Try it
Using the data beneath, show every line that includes the word "split".

Excerpted records
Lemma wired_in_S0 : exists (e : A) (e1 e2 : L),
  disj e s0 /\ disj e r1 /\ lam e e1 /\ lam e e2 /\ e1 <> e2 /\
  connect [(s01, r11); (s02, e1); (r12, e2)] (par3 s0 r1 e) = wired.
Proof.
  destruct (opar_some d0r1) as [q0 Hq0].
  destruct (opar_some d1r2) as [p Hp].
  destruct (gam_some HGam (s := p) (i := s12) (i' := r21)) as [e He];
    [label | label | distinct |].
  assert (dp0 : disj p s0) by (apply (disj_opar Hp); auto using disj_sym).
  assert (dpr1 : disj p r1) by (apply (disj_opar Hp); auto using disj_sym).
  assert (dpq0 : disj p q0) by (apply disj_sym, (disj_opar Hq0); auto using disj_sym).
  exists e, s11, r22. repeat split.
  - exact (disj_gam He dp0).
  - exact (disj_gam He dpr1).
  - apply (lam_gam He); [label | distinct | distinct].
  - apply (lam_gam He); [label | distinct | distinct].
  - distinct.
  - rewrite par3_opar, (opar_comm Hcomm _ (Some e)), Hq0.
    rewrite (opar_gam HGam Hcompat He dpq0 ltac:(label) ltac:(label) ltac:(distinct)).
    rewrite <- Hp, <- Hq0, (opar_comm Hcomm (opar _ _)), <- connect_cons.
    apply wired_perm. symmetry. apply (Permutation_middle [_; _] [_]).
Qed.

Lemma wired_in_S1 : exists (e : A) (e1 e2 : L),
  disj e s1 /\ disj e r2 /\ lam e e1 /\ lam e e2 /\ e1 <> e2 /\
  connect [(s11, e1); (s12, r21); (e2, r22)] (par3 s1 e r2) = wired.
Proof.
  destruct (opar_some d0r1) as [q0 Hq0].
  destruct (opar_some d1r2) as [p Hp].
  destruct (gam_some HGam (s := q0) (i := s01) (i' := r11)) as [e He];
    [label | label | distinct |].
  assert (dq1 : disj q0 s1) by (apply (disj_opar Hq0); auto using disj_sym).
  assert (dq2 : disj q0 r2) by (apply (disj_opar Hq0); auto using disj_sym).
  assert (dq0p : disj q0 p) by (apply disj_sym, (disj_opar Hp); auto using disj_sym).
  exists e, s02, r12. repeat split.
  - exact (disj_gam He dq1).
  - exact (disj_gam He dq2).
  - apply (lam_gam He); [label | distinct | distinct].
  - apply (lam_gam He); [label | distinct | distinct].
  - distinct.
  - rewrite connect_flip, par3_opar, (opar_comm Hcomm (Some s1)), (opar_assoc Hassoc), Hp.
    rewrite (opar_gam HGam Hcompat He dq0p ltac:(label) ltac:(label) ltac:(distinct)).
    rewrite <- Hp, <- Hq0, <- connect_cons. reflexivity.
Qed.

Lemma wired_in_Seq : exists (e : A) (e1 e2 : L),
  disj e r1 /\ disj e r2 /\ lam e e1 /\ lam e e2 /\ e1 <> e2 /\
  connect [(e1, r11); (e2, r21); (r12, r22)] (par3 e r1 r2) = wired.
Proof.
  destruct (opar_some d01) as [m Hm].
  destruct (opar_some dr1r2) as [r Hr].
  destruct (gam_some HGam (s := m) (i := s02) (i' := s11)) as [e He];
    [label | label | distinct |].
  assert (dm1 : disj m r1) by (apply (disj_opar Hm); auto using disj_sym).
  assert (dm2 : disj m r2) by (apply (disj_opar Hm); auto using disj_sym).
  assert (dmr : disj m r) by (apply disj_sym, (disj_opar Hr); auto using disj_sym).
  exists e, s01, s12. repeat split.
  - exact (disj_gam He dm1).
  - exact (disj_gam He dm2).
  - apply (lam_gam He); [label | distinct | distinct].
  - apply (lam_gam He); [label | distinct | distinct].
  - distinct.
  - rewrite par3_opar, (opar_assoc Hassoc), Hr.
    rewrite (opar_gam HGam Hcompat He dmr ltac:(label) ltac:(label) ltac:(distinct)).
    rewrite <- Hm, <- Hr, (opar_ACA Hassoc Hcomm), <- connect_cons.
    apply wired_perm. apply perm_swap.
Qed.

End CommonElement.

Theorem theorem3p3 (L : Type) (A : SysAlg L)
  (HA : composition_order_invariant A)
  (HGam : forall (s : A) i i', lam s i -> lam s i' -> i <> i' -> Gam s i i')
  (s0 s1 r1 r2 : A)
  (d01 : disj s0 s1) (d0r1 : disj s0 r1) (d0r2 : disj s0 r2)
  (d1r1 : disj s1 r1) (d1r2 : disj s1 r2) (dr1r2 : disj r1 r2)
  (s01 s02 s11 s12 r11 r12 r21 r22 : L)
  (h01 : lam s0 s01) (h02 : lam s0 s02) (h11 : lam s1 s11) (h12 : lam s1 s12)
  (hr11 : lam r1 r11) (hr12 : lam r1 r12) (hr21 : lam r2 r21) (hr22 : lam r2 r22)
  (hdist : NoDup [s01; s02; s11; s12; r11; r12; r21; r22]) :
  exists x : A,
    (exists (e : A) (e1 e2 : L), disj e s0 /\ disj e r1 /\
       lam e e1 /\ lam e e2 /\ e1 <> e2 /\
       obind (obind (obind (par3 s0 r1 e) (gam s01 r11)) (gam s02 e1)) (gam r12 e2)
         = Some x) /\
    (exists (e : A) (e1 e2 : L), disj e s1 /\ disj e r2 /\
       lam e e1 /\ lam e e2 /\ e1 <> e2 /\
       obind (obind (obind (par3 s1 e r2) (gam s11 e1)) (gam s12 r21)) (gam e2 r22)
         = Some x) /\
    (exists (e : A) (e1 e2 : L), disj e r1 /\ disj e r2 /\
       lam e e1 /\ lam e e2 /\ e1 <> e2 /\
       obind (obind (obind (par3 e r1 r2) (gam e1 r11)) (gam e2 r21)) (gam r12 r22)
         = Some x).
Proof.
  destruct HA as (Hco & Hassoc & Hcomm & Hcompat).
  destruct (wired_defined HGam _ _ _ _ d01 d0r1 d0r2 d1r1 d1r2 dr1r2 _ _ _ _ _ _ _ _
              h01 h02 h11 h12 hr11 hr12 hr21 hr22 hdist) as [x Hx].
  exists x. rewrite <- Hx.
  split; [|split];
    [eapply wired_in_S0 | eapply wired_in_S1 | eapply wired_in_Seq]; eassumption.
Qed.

Completed exercise
  exists e, s11, r22. repeat split.
  exists e, s02, r12. repeat split.
  exists e, s01, s12. repeat split.
  split; [|split];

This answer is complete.